───── Exercise materials ─────

Lemma Rintegral_oc_lin (f g : R -> R) (x x' k1 k2 : R) :
  bounded_measurable f -> bounded_measurable g -> 0 <= x -> x' <= 1 ->
  Rintegral mu `]x, x'] (fun t => k1 * f t + k2 * g t) =
  k1 * Rintegral mu `]x, x'] f + k2 * Rintegral mu `]x, x'] g.
Proof.
move=> bf bg x0 x1.
have mD : measurable (`]x, x'] : set (measurableTypeR R)) by exact: measurable_itv.
exact: Rintegral_lin bf bg mD (itv_oc_sub01 x0 x1).
Qed.

End BoundedMeasurable.

Section RealEstimates.
Context {R : realType}.

Lemma eq0_of_nat_mul_le (v K : R) : (forall n : nat, n%:R * `|v| <= K) -> v = 0.
Proof.
move=> h; apply/eqP; apply/negPn/negP => hv.
have v0 : 0 < `|v| by rewrite normr_gt0.
have K0 : 0 <= K by have := h 0%N; rewrite mul0r.
have := archi_boundP (divr_ge0 K0 (ltW v0)).
rewrite ltr_pdivrMr // => h1.
have := h (Num.Def.archi_bound (K / `|v|)); lra.
Qed.

Lemma eq0_of_le_div_exp2 (v B : R) : (forall n : nat, `|v| <= B / 2 ^+ n) -> v = 0.
Proof.
move=> h; apply: (@eq0_of_nat_mul_le v B) => n.
have hn : (n%:R : R) <= 2 ^+ n by rewrite -natrX ler_nat; apply: ltnW; exact: ltn_expl.
have h2 : 0 < (2 : R) ^+ n by apply: exprn_gt0.
have := h n; rewrite ler_pdivlMr // => h3.
by apply: le_trans h3; rewrite mulrC; apply: ler_wpM2l.
Qed.

(* The increments over a partition into N equal steps add up to at most C / N. *)
Lemma quadratic_increments_const (F : R -> R) C :
  (forall x x', 0 <= x -> x <= x' -> x' <= 1 -> `|F x' - F x| <= C * (x' - x) ^+ 2) ->
  F 1 = F 0.
Proof.
move=> h.
have C0 : 0 <= C.
  have := h 0 1 (lexx 0) ler01 (lexx 1); rewrite subr0 expr1n mulr1.
  exact: le_trans (normr_ge0 _).
apply/eqP; rewrite -subr_eq0; apply/eqP; apply: (@eq0_of_nat_mul_le _ C) => -[|m].
  by rewrite mul0r.
set N : R := m.+1%:R.
have N0 : 0 < N by rewrite /N ltr0n.
have step k : (k <= m.+1)%N -> `|F (k%:R / N) - F 0| <= k%:R * (C / N ^+ 2).
  elim: k => [|k IH] hk; first by rewrite mul0r subrr normr0 mul0r.
  have kN : k.+1%:R <= N by rewrite /N ler_nat.
  have g1 : 0 <= k%:R / N by apply: divr_ge0; rewrite ?ler0n //; lra.
  have g2 : k%:R / N <= k.+1%:R / N by rewrite ler_pM2r ?invr_gt0 // ler_nat.
  have g3 : k.+1%:R / N <= 1 by rewrite ler_pdivrMr // mul1r.
  have h1 := h _ _ g1 g2 g3.
  rewrite (_ : k.+1%:R / N - k%:R / N = N^-1) in h1; last by rewrite -natr1; field; lra.
  have -> : k.+1%:R * (C / N ^+ 2) = C * N^-1 ^+ 2 + k%:R * (C / N ^+ 2).
    by rewrite -natr1; field; lra.
  rewrite -[F _ - F 0](subrKA (F (k%:R / N))).
  by apply: le_trans (ler_normD _ _) _; apply: lerD => //; apply: IH; apply: ltnW.
have NN : N != 0 by lra.
have := step m.+1 (leqnn _); rewrite -/N divff // => hF.
rewrite (_ : N * (C / N ^+ 2) = C / N) in hF; last by field; rewrite addrC natr1.
by rewrite mulrC -ler_pdivlMr.
Qed.
(* Suppose a group $G$ acts faithfully by order-preserving bijections on a totally ordered set $(\Omega,\le)$. Then the action has no crossings if and only if every left-ordering of $G$ induced from the action (with respect to any well-order on $\Omega$) is Conradian.
   Context: A crossing for the action is a 5-tuple $(f,g,u,v,w)$ with $f,g\in G$, $u,v,w\in\Omega$ such that: $u<w<v$; $g^nu<v$ and $f^nv>u$ for every $n\in\mathbb{N}$; and $f^Nv<w<g^Mu$ for some $M,N\in\mathbb{N}$. Given a well-order $\le^*$ on $\Omega$, the induced ordering $\preceq$ on $G$ is defined as follows: for $f\neq id$ let $w_f=\min_{\le^*}\{w\in\Omega: f(w)\neq w\}$, and declare $f\succ id$ iff $f(w_f)>w_f$; this is a left-ordering. A left-ordering is Conradian if for all $f\succ id$, $g\succ id$ there is $n\in\mathbb{N}$ with $fg^n\succ g$. *)

From Stdlib Require Import Arith.
Set Implicit Arguments.

Definition is_group (G : Type) (mul : G -> G -> G) (one : G) (inv : G -> G) : Prop :=
  (forall a b c, mul a (mul b c) = mul (mul a b) c) /\
  (forall a, mul one a = a) /\ (forall a, mul a one = a) /\
  (forall a, mul (inv a) a = one) /\ (forall a, mul a (inv a) = one).

Definition gpow (G : Type) (mul : G -> G -> G) (one : G) (g : G) (n : nat) : G :=
  Nat.iter n (fun x => mul g x) one.

Definition strict_total_order (Omega : Type) (lt : Omega -> Omega -> Prop) : Prop :=
  (forall x, ~ lt x x) /\
  (forall x y z, lt x y -> lt y z -> lt x z) /\
  (forall x y, lt x y \/ x = y \/ lt y x).

Definition faithful_order_action (G Omega : Type) (mul : G -> G -> G) (one : G)
    (lt : Omega -> Omega -> Prop) (act : G -> Omega -> Omega) : Prop :=
  (forall x, act one x = x) /\
  (forall g h x, act (mul g h) x = act g (act h x)) /\
  (forall g x y, lt x y -> lt (act g x) (act g y)) /\
  (forall g, (forall x, act g x = x) -> g = one).

Definition crossing (G Omega : Type) (mul : G -> G -> G) (one : G)
    (lt : Omega -> Omega -> Prop) (act : G -> Omega -> Omega)
    (f g : G) (u v w : Omega) : Prop :=
  lt u w /\ lt w v /\
  (forall n : nat, lt (act (gpow mul one g n) u) v /\ lt u (act (gpow mul one f n) v)) /\
  (exists M N : nat, lt (act (gpow mul one f N) v) w /\ lt w (act (gpow mul one g M) u)).

Definition has_crossing (G Omega : Type) (mul : G -> G -> G) (one : G)
    (lt : Omega -> Omega -> Prop) (act : G -> Omega -> Omega) : Prop :=
  exists f g u v w, crossing mul one lt act f g u v w.
Lemma cyc_adj_deg2 u p q r : C p -> C q -> C r -> p != q -> p != r -> q != r ->
  cyc_adj u p -> cyc_adj u q -> cyc_adj u r -> False.
Proof.
move=> Cp Cq Cr /eqP pq /eqP pr /eqP qr.
case=> [up|up] [uq|uq].
- by case: (pq (cyc_succ_fun Cp Cq up uq)).
- by case=> ur; [exact: pr (cyc_succ_fun Cp Cr up ur) | exact: qr (cyc_succ_inj Cq Cr uq ur)].
- by case=> ur; [exact: qr (cyc_succ_fun Cq Cr uq ur) | exact: pr (cyc_succ_inj Cp Cr up ur)].
- by case: (pq (cyc_succ_inj Cp Cq up uq)).
Qed.

Lemma cyc_succ_exists c d : C c -> C d -> d != c ->
  exists2 j, C j /\ j != c & cyc_succ c j.
Proof.
move=> Cc Cd dc.
(* [j] minimises the distance from [c] to [j] going forward around the cycle. *)
pose key z := if pos c < pos z then pos z else pos z + size w.
have Pd : exists n, has (fun z => [&& C z, z != c & key z == n]) w.
  by exists (key d); apply/hasP; exists d => //; rewrite Cd dc eqxx.
case: (ex_minnP Pd) => _ /hasP[j _ /and3P[Cj jc /eqP <-]] min_j.
have key_min z : C z -> z != c -> key j <= key z.
  by move=> Cz zc; apply: min_j; apply/hasP; exists z => //; rewrite Cz zc eqxx.
exists j => //; rewrite /cyc_succ.
have [cj | jc'] := ltnP (pos c) (pos j).
- left; split=> // z Cz; apply/negP => /andP[cz zj].
  have zc : z != c by apply: pos_neq; rewrite gtn_eqF.
  have := key_min z Cz zc.
  by rewrite /key cz cj leqNgt zj.
- have jc_lt : pos j < pos c.
    by rewrite ltn_neqAle jc' andbT; apply: contra jc => /eqP/pos_inj->.
  right; split=> // z Cz; have [-> | zc] := eqVneq z c; first by rewrite leqnn ltnW.
  have := key_min z Cz zc; rewrite /key [pos c < pos j]ltnNge jc' /=.
  by have := w_full z; rewrite -index_mem; case: ifP; lia.
Qed.

Lemma cyc_adj_cycle_full (f : nat -> T) n z : 2 < n ->
  (forall i j, i < n -> j < n -> i != j -> f i != f j) ->
  (forall i, i < n -> C (f i)) ->
  (forall i, i.+1 < n -> cyc_adj (f i) (f i.+1)) -> cyc_adj (f n.-1) (f 0) ->
  C z -> (forall i, i < n -> f i != z) ->
  (forall y, C y -> y != z -> exists2 i, i < n & y = f i) -> False.
Proof.
move=> n_gt2 f_inj Cf path_f close_f Cz fz cover.
have n_pos : 0 < n by apply: ltn_trans n_gt2.
have [j [Cj jz] zj] := cyc_succ_exists Cz (Cf 0 n_pos) (fz 0 n_pos).
have [m mn fm] := cover _ Cj jz; rewrite {}fm in zj.
pose p := if m == 0 then n.-1 else m.-1.
pose q := if m == n.-1 then 0 else m.+1.
have [pn qn] : p < n /\ q < n by rewrite /p /q; split; case: ifP; lia.
have mp : cyc_adj (f m) (f p).
  rewrite /p; case: eqP => [-> | /eqP m0]; first exact: cyc_adjC.
  by apply: cyc_adjC; have := path_f m.-1; rewrite prednK ?lt0n //; apply.
have mq : cyc_adj (f m) (f q).
  rewrite /q; case: eqP => [-> // | /eqP mn1].
  by apply: path_f; lia.
apply: (cyc_adj_deg2 (Cf p pn) (Cf q qn) Cz _ (fz p pn) (fz q qn) mp mq (or_intror zj)).
by apply: f_inj => //; rewrite /p /q; case: ifP; case: ifP; lia.
Qed.

Variable E : rel T.
Hypothesis w_rep : forall x y, x != y -> E x y <-> alternate w x y.
Hypothesis C_clique : {in C &, forall x y, x != y -> E x y}.

Lemma adj_alt_from x y : x != y -> E x y <-> alt_from w x y \/ alt_from w y x.
Proof. by move=> nxy; rewrite w_rep // alternateE. Qed.

Lemma clique_alt_from x y : C x -> C y -> pos x < pos y -> alt_from w x y.
Proof.
move=> Cx Cy lt; have nxy : x != y by apply: pos_neq; rewrite ltn_eqF.
case/(adj_alt_from nxy): (C_clique Cx Cy nxy) => // /alt_from_pos.
by rewrite eq_sym ltnNge ltnW // => /(_ nxy).
Qed.

(* The clique neighbours of [x] form an arc of the cyclic order: if [x] sees
   [u] and [v], it sees everything on one of the two arcs between them. *)
Lemma adj_arc x u v z1 z2 : C u -> C v -> C z1 -> C z2 ->
  x != u -> x != v -> E x u -> E x v -> pos u < pos v ->
  pos u < pos z1 < pos v -> (pos z2 < pos u) || (pos v < pos z2) ->
  E x z1 \/ E x z2.
Proof.
move=> Cu Cv Cz1 Cz2 nxu nxv /(adj_alt_from nxu) xu /(adj_alt_from nxv) xv uv.
move=> /andP[uz1 z1v] o2.
have [nux nvx] : u != x /\ v != x by rewrite !(eq_sym _ x).
have adj_lt z : pos x < pos z -> alt_from w x z -> E x z.
  by move=> lt xz; apply/adj_alt_from; [apply: pos_neq; rewrite ltn_eqF | left].
have adj_gt z : pos z < pos x -> alt_from w z x -> E x z.
  by move=> lt zx; apply/adj_alt_from; [apply: pos_neq; rewrite gtn_eqF | right].
case: xu => [xu|ux]; case: xv => [xv|vx].
- left; apply: adj_lt; first exact: ltn_trans (alt_from_pos nxu xu) uz1.
  exact: (alt_from_square xu (clique_alt_from Cu Cz1 uz1) (clique_alt_from Cz1 Cv z1v) xv).1.
- move: (alt_from_pos nxu xu) (alt_from_pos nvx vx) => xu' vx'.
  by have := ltn_trans (ltn_trans xu' uv) vx'; rewrite ltnn.
- have [ux' xv'] := (alt_from_pos nux ux, alt_from_pos nxv xv).
  right; case/orP: o2 => o2.
    apply: adj_gt; first exact: ltn_trans o2 ux'.
    exact: (alt_from_square (clique_alt_from Cz2 Cu o2) ux xv
                            (clique_alt_from Cz2 Cv (ltn_trans o2 uv))).1.
  apply: adj_lt; first exact: ltn_trans xv' o2.
  exact: (alt_from_square ux xv (clique_alt_from Cv Cz2 o2)
                          (clique_alt_from Cu Cz2 (ltn_trans uv o2))).2.
- left; apply: adj_gt; first exact: ltn_trans z1v (alt_from_pos nvx vx).
  exact: (alt_from_square (clique_alt_from Cu Cz1 uz1) (clique_alt_from Cz1 Cv z1v) vx ux).2.
Qed.

Lemma cyc_adj_of_private_pair a u v : C u -> C v -> u != v ->
  a != u -> a != v -> E a u -> E a v ->
  (forall z, C z -> z != u -> z != v -> ~~ E a z) -> cyc_adj u v.
Proof.
move=> Cu Cv nuv; wlog uv : u v Cu Cv nuv / pos u < pos v.
  move=> hw; have : pos u != pos v by apply: contra_neq nuv; apply: pos_inj.
  rewrite neq_ltn => /orP[lt|gt]; first exact: hw.
  move=> nau nav au av only; apply/cyc_adjC/hw => //; first by rewrite eq_sym.
  by move=> z Cz zv zu; apply: only.
move=> nau nav au av only; apply: cyc_adj_intro => // z1 z2 Cz1 Cz2 b1 o2.
have [z1u z1v] := inside_neq b1.
have [z2u z2v] := outside_neq uv o2.
by case: (adj_arc Cu Cv Cz1 Cz2 nau nav au av uv b1 o2); apply/negP/only.
Qed.

Lemma cyc_adj_of_common_nonneighbours b u v : C u -> C v -> u != v -> ~~ C b ->
  ~~ E b u -> ~~ E b v -> (forall z, C z -> z != u -> z != v -> E b z) -> cyc_adj u v.
Proof.
move=> Cu Cv nuv Cb; wlog uv : u v Cu Cv nuv / pos u < pos v.
  move=> hw; have : pos u != pos v by apply: contra_neq nuv; apply: pos_inj.
  rewrite neq_ltn => /orP[lt|gt]; first exact: hw.
  move=> nbu nbv all_but; apply/cyc_adjC/hw => //; first by rewrite eq_sym.
  by move=> z Cz zv zu; apply: all_but.
move=> /negP nbu /negP nbv all_but; apply: cyc_adj_intro => // z1 z2 Cz1 Cz2 b1 o2.
have nb z : C z -> b != z by move=> Cz; apply: contraNneq Cb => ->.
have [z1u z1v] := inside_neq b1.
have [z2u z2v] := outside_neq uv o2.
have [bz1 bz2] := (all_but z1 Cz1 z1u z1v, all_but z2 Cz2 z2u z2v).
have [lt_u1 lt_1v] := andP b1.
(* One of [u], [v] lies strictly between [z1] and [z2], the other outside. *)
have [] : E b u \/ E b v; [case/orP: o2 => o2 | exact: nbu | exact: nbv].
- apply: (adj_arc Cz2 Cz1 Cu Cv (nb _ Cz2) (nb _ Cz1) bz2 bz1 (ltn_trans o2 lt_u1)).
    by rewrite o2 lt_u1.
  by rewrite lt_1v orbT.
- apply/or_comm/(adj_arc Cz1 Cz2 Cv Cu (nb _ Cz1) (nb _ Cz2) bz1 bz2 (ltn_trans lt_1v o2)).
    by rewrite lt_1v o2.
  by rewrite lt_u1.
Qed.

End CyclicOrder.

Definition MIII_clique k : pred (MIII_vertex k) := fun v => if v is inl _ then true else false.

─────

Give an exact copy of the lines above, from the top of the records to the line that contains "move=> bf bg x0 x1.", taking in both ends.

Answer section »
Lemma Rintegral_oc_lin (f g : R -> R) (x x' k1 k2 : R) :
  bounded_measurable f -> bounded_measurable g -> 0 <= x -> x' <= 1 ->
  Rintegral mu `]x, x'] (fun t => k1 * f t + k2 * g t) =
  k1 * Rintegral mu `]x, x'] f + k2 * Rintegral mu `]x, x'] g.
Proof.
move=> bf bg x0 x1.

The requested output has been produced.